Dr. Kendiss Olafson offers an inside view into our ICUs as admissions surge.
By Brad Hartle
“I’m sitting here, bracing,” said Dr. Kendiss Olafson, an Intensive Care Physician in Winnipeg. It was Friday, October 16th, the day Manitoba announced the largest COVID-19 restrictions since the spring lockdown. Firmly in the second wave, Manitoba had registered more cases in the previous two days than in the entire first wave. The test-positivity rate hit a record-breaking 5.2%, hospitalizations were rising, and more patients needed intensive care.
“As a program, we’re very worried about our capacity.”
After her week off, spending precious time with her husband, also a physician, and her three daughters, Dr. Olafson would be back in the ICU on Monday. “It will be ten to fourteen days until the numbers started going up,” she said, referring to the typical time an infection takes to turn critical. “In our first wave, our numbers were pretty manageable. Sometimes we wondered if we were too over-prepared, expecting this onslaught of patients that never really came. Now, they’re going to come.”
As is the case in other parts of the world, the prospect of Manitoba’s hospitals being overrun by COVID-19 is very real. While that growing threat is out of her hands, Dr. Olafson is focused on using her expertise in critical care, along with her Master’s in Public Health from Johns Hopkins University, and doing the best she can for patients and families.
Since the pandemic began, she has used her background in both critical care and public health to better understand the virus and its treatment.
“Early on we were hearing COVID was so different,” she said, recalling the apprehension and nervousness felt when the first patients presented. “Not just the question of how do we manage these patients, but also where could a wave take us? As ICU physicians, we are the leaders of a large team of nurses, respiratory therapists, pharmacists and others caring for critically ill patients. How do we make sure that we as a team care for our patients and make sure everyone on the team gets home to their families safely?”

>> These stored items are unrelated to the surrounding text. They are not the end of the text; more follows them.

Lemma adj_sym c d : adj c d = adj d c.
Proof. case: c d => [x y] [u v]; rewrite /adj /=; lia. Qed.

Lemma nbrs_sym c d : (d \in nbrs c) = (c \in nbrs d).
Proof. by rewrite -!adj_nbrs adj_sym. Qed.

Lemma count_sum (T : Type) (a : pred T) (s : seq T) :
  count a s = \sum_(x <- s) a x.
Proof. by elim: s => [|x s IH]; rewrite ?big_nil ?big_cons //= IH. Qed.

Lemma count_mem_sym (T : eqType) (s t : seq T) : uniq s -> uniq t ->
  count (fun x => x \in t) s = count (fun x => x \in s) t.
Proof.
move=> us ut; rewrite -!size_filter; apply/perm_size/uniq_perm;
  rewrite ?filter_uniq // => x; by rewrite !mem_filter andbC.
Qed.

Lemma count_le1_has (T : eqType) (a : pred T) (s : seq T) : uniq s ->
  {in s &, forall x y, a x -> a y -> x = y} -> count a s = has a s.
Proof.
elim: s => //= x s IH /andP [xs us] a1.
rewrite IH //; last by move=> y z ys zs; apply: a1; rewrite inE ?ys ?zs orbT.
case ax: (a x) => //=; case: hasP => // [[y ys ay]].
by move: xs; rewrite (a1 x y) ?inE ?eqxx ?ys ?orbT.
Qed.

Lemma count_split_sub (T : Type) (a b : pred T) (s : seq T) : (forall x, b x -> a x) ->
  count a s = count (fun x => a x && ~~ b x) s + count b s.
Proof.
move=> ba; rewrite -count_predUI [count (predI _ _) s](_ : _ = 0) ?addn0.
  apply: eq_count => x /=.
  by case bx: (b x); [rewrite orbT ba | rewrite orbF andbT].
by elim: s => //= x s ->; case: (b x); rewrite /= ?andbF ?andbT.
Qed.

Lemma count_ge2 (T : eqType) (a : pred T) (s : seq T) x y :
  x \in s -> y \in s -> x != y -> a x -> a y -> 2 <= count a s.
Proof.
move=> xs ys xy ax ay; rewrite -size_filter.
apply: (uniq_leq_size (s1 := [:: x; y])) => [|z]; first by rewrite /= inE xy.
by rewrite !inE mem_filter => /orP [] /eqP ->; rewrite ?ax ?ay.
Qed.

Lemma count_ge2P (T : eqType) (a : pred T) (s : seq T) : uniq s -> 2 <= count a s ->
  exists x y, [/\ x \in s, y \in s, a x, a y & x != y].
Proof.
move=> us; rewrite -size_filter.
have mem_as z : z \in filter a s -> z \in s /\ a z by rewrite mem_filter => /andP [].
case: (filter a s) (filter_uniq a us) mem_as => [|x [|y f]] //= /andP [xyf _] mem_as _.
have [xs ax] := mem_as x (mem_head _ _).
have [ys ay] : y \in s /\ a y by apply: mem_as; rewrite !inE eqxx orbT.
by exists x, y; split => //; apply: contraNneq xyf => ->; apply: mem_head.
Qed.

Lemma sum_nbrs_mem_sym (X Y : seq cell) : uniq X -> uniq Y ->
  \sum_(c <- X) count (fun d => d \in Y) (nbrs c) =
  \sum_(d <- Y) count (fun c => c \in X) (nbrs d).
Proof.
move=> uX uY.
under eq_bigr => c _ do rewrite count_mem_sym ?nbrs_uniq // count_sum.
rewrite exchange_big; apply: eq_bigr => d _.
by rewrite count_mem_sym ?nbrs_uniq // count_sum; apply: eq_bigr => c _; rewrite nbrs_sym.
Qed.

(* For duplicate-free [S], [degsum S] is twice the number of edges of the dual graph of [S]
   and [perim S] is the number of unit edges on its boundary. *)
Definition degsum (S : seq cell) := \sum_(c <- S) count (fun d => d \in S) (nbrs c).

Definition perim (S : seq cell) := \sum_(c <- S) count (fun d => d \notin S) (nbrs c).

Lemma degsum_perim S : degsum S + perim S = 4 * size S.
Proof.
rewrite /degsum /perim -big_split (eq_bigr (fun _ => 4)) => [|c _]; last first.
  exact: (count_predC (fun d => d \in S)).
by rewrite big_const_seq count_predT iter_addn_0 mulnC.
Qed.

Lemma degsum1 c : degsum [:: c] = 0.
Proof.
rewrite /degsum big_seq1; apply/eqP; rewrite -leqn0 leqNgt -has_count.
by apply/hasPn => d dc; rewrite inE; apply: contraTneq dc => ->; apply: nbrs_irr.
Qed.

Lemma perim1 c : perim [:: c] = 4.
Proof. by rewrite /perim big_seq1; case: c => x y; rewrite /nbrs /= !inE !xpair_eqE; lia. Qed.

Lemma degsum_perm (W W' : seq cell) : perm_eq W W' -> degsum W = degsum W'.
Proof.
move=> eqWW'; rewrite /degsum (perm_big _ eqWW'); apply: eq_bigr => c _.
by apply: eq_count => d; rewrite (perm_mem eqWW').
Qed.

“We’ve learned over the last few months that the treatment of COVID-19 is not significantly different from other critical illnesses. We have the toolbox to be able to approach patients with regard to when to intubate and how to ventilate.”
The Winnipeg Critical Care Program has spent months fine-tuning that toolbox, perfecting what is in their power to perfect. “We developed procedures for the minimum amount of people required for a patient, assigned specific tasks, then practice to make sure we’re ready.” Be it preparing for intubations with limited staff, practicing entering and exiting the room, running through role-specific tasks, or donning and doffing their PPE over and over, the focus is on safety and quality improvement.
The need for safety also brings the need for patient isolation, which for Dr. Olafson has been the toughest part. To help overcome patient isolation, Dr. Olafson helped establish the Family Liaison Program, which brought a team of volunteer medical students together and used iPads donated to the hospitals to virtually unite patients and families.
“It has highlighted the importance of families in the ICU,” she said. “They are important for safe patient care, for a patients’ emotional and physical recovery, and as patient advocates, speaking for patients who often can’t, helping us make better decisions.”
“Also,” she added, “one of the most exciting things is to see a patient wake up and look over at their loved one beside them on the screen.”
In many ways, this is what Dr. Olafson got into critical care to do. “I’m not an adrenaline junky. I got into this line of work because I enjoy the intellectual challenge of thinking through the complexities associated with critical care.”
Important to her, too, is the way the pandemic has brought intensive care work to the forefront of the public discussion, bringing with it an opportunity to mobilize research resources within the ICU program. “We have wonderful researchers embarking on COVID- specific research,” she said, adding that the pandemic has enabled the collaboration of specialties that don’t often work together, such as intensive care and public health, furthering new research opportunities.
And yet, those reasons for optimism – research prospects, innovative ways to overcome isolation, an improved understanding of the virus and how to treat it – they fall away when Dr. Olafson looks ahead to next week. “Our intensive care units are frequently full, and we experience anxiety over not knowing where we will put the next patient. Even if the issue of capacity was suddenly, magically solved, the ICU team is a limited, specialized service. If Manitoba is not successful in our public health efforts, we will be quickly overwhelmed.”